For reference, this is also our scenario. We have a single serial port (bar the ones we have for an LTE modem) where we are running commands very frequently, and, as they are run, the trbs size just keeps on increasing.
Lowering the frequency of updates has a very clear impact. We changed it from 0.2s to 1s and the trbs is not growing so fast -- though it is certainly growing.
One additional situation we have is that our serial port is being opened and closed very fast, instead of being kept open all the time. Every time we send or receive data, we're opening it and closing it.
usbreset doesn't seem to fix when applied to a single port (using 3-digit bus and device number - BBB/DDD - as argument). Would introducing a separate USB hub change anything - if the issue is VL805-related?
usbresetdoesn't seem to fix when applied to a single port (using 3-digit bus and device number - BBB/DDD - as argument). Would introducing a separate USB hub change anything - if the issue is VL805-related?
No. The device context needs to be destroyed and reallocated for the leak to be reset.
I can replicate the leak with the script posted above (note: github doesn't ping email notifications on comment edits). The first expansion happens in about 2-3 minutes, the second after 10+, so it's either random or the requisite interval doubles each time.
The bug is effectively random, but only occurs immediately after a Link TRB is traversed. I get this odd condition in room_on_ring():
xhci_hcd 0000:01:00.0: room_on_ring B num_trbs_free 248 num_trbs 1 deq_seg 248
Somehow a) we have half the TRBs that we should have in the condition check, and b) the driver thinks there's 248 TRBs in a dequeue segment (the TRBs forming the current TD).
Edit: the link TRB appears to be coincidental. There's a steady leak of num_free_trbs each time we stop and restart the bulk IN endpoint, which eventually breaks the condition check.
Spent several hours looking at trace logs and got mightily confused until I realised there's two "bugs" happening simultaneously.
usb-serial submits multiple URBs for the IN endpoint and this is the primary cause of the leak. In addition to this, there's a race between URB dequeue and resubmission - while the port is being closed, there's nothing stopping the callback from resubmitting the next URB in sequence, but this doesn't result in a leak when the next URB gets dequeued from the transfer ring.
When the port is shut down, the first dequeue request must stop the endpoint ring because the IN urb has been claimed by the xhci hardware. This process happens asynchronously, so other URBs can sneak in afterwards (and ring the endpoint doorbell, undoing the stop-endpoint command). Eventually after 1-2 Stop Endpoint commands the state ends up consistent with no more reubmissions.
Somewhere in the first call to Stop Endpoint and Set TR Dequeue Pointer is where the leak happens. It doesn't take into account the fact that if the dequeue pointer is moved past all of the TDs on the ring (on to the first TRB with a cycle state bit != the consumer cycle state), it needs to return those TRBs in the process.
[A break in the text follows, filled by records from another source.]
Lemma rho_ss_shift_ratio_lt lam s t1 t2 : 0 < lam -> 0 <= s -> 0 < t1 < t2 ->
  rho_ss lam (t2 + s) * t1 < rho_ss lam (t1 + s) * t2.
Proof.
intros Hlam Hs Ht. apply Rlt_0_minus.
replace (rho_ss lam (t1 + s) * t2 - rho_ss lam (t2 + s) * t1)
  with (lam * (t2 - t1) * (s + lam * (t1 + s) * (t2 + s))
        / ((1 + lam * (t1 + s)) * (1 + lam * (t2 + s))))
  by (unfold rho_ss; field; split; nra).
assert (0 < lam * (t1 + s) * (t2 + s)) by (repeat apply Rmult_lt_0_compat; lra).
apply Rdiv_lt_0_compat; repeat apply Rmult_lt_0_compat; nra.
Qed.

Section FixedPoint.
Variables (x alpha lam : R).
Hypotheses (Hx : 0 <= x < 1) (Halpha : 0 < alpha < 1) (Hlam : 0 < lam).

Lemma H_ratio_lt s t1 t2 : 0 <= s -> 0 < t1 < t2 ->
  H x alpha lam s t2 * t1 < H x alpha lam s t1 * t2.
Proof.
intros Hs Ht. rewrite !H_rho_ss.
pose proof (rho_ss_shift_ratio_lt lam s t1 t2 Hlam Hs Ht) as Hsum.
pose proof (rho_ss_shift_ratio_lt lam 0 t1 t2 Hlam (Rle_refl 0) Ht) as Hown.
rewrite !Rplus_0_r in Hown.
assert (0 <= x * (1 - alpha)) by nra.
nra.
Qed.

Lemma H_increasing_in_rumor s1 s2 t : 0 <= s1 < s2 -> 0 <= t ->
  H x alpha lam s1 t < H x alpha lam s2 t.
Proof.
intros Hs Ht. rewrite !H_rho_ss.
pose proof (rho_ss_increasing lam (t + s1) (t + s2) Hlam ltac:(lra)). nra.
Qed.

Lemma H_lt_1 s t : 0 <= s -> 0 <= t -> H x alpha lam s t < 1.
Proof.
intros Hs Ht. rewrite H_rho_ss.
pose proof (rho_ss_bounds lam (t + s) Hlam ltac:(lra)).
pose proof (rho_ss_bounds lam t Hlam Ht).
assert (0 <= x * (1 - alpha)) by nra.
nra.
Qed.

Lemma H_continuous s t : 0 <= s -> 0 <= t -> continuity_pt (H x alpha lam s) t.
Proof.
intros Hs Ht. apply derivable_continuous_pt, ex_derive_Reals_0.
unfold H. auto_derive. repeat split; nra.
Qed.

Lemma H_fixed_point_unique s t1 t2 : 0 <= s -> 0 < t1 -> 0 < t2 ->
  H x alpha lam s t1 = t1 -> H x alpha lam s t2 = t2 -> t1 = t2.
Proof.
intros Hs Ht1 Ht2 E1 E2.
destruct (Rtotal_order t1 t2) as [Hlt | [Heq | Hgt]]; [|exact Heq|].
- pose proof (H_ratio_lt s t1 t2 Hs (conj Ht1 Hlt)) as Hratio. rewrite E1, E2 in Hratio. lra.
- pose proof (H_ratio_lt s t2 t1 Hs (conj Ht2 Hgt)) as Hratio. rewrite E1, E2 in Hratio. lra.
Qed.

Lemma H_fixed_point_increasing s1 s2 t1 t2 : 0 <= s1 < s2 -> 0 < t1 -> 0 < t2 ->
  H x alpha lam s1 t1 = t1 -> H x alpha lam s2 t2 = t2 -> t1 < t2.
Proof.
intros Hs Ht1 Ht2 E1 E2.
pose proof (H_increasing_in_rumor s1 s2 t1 Hs ltac:(lra)) as Hup.
rewrite E1 in Hup.
destruct (Rlt_le_dec t1 t2) as [|[Hgt | Heq]]; [assumption| |subst; lra].
pose proof (H_ratio_lt s2 t2 t1 ltac:(lra) (conj Ht2 Hgt)) as Hratio.
rewrite E2 in Hratio. nra.
Qed.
If I change the number of URBs here: https://github.com/raspberrypi/linux/blob/rpi-5.15.y/include/linux/usb/serial.h#L92 then the bug shifts. A value of 1 prevents a leak, a value of 8 makes the leak happen faster.
Oh and the bug isn't specific to the VL805. The dwc3 xhci controller on the Pi's USB-C port is affected as well.
One obvious bug was in xhci_move_dequeue_past_td() where the ring state was advanced but not accounted for. With this fixed, I still get occasional drops across device open/close which makes me think there's a genuine race condition happening. In particular, I'm suspicious of td->cancel_status which attempts to keep track of whether the xHC has read (and cached) the TD. It has several states, touched in many places in the driver.
I think I've found the cause - there's a large number of gotchas when a URB is removed that is ahead of the ring's current dequeue pointer, i.e. the xHC hasn't yet processed the TD associated with it. This frequently happens if you have a mostly-idle endpoint such as a serial port. Removing an un-processed TD invalidates it by turning it into a no-op instead of moving the dequeue pointer (which was the case above), but doesn't account for the TRBs that got binned.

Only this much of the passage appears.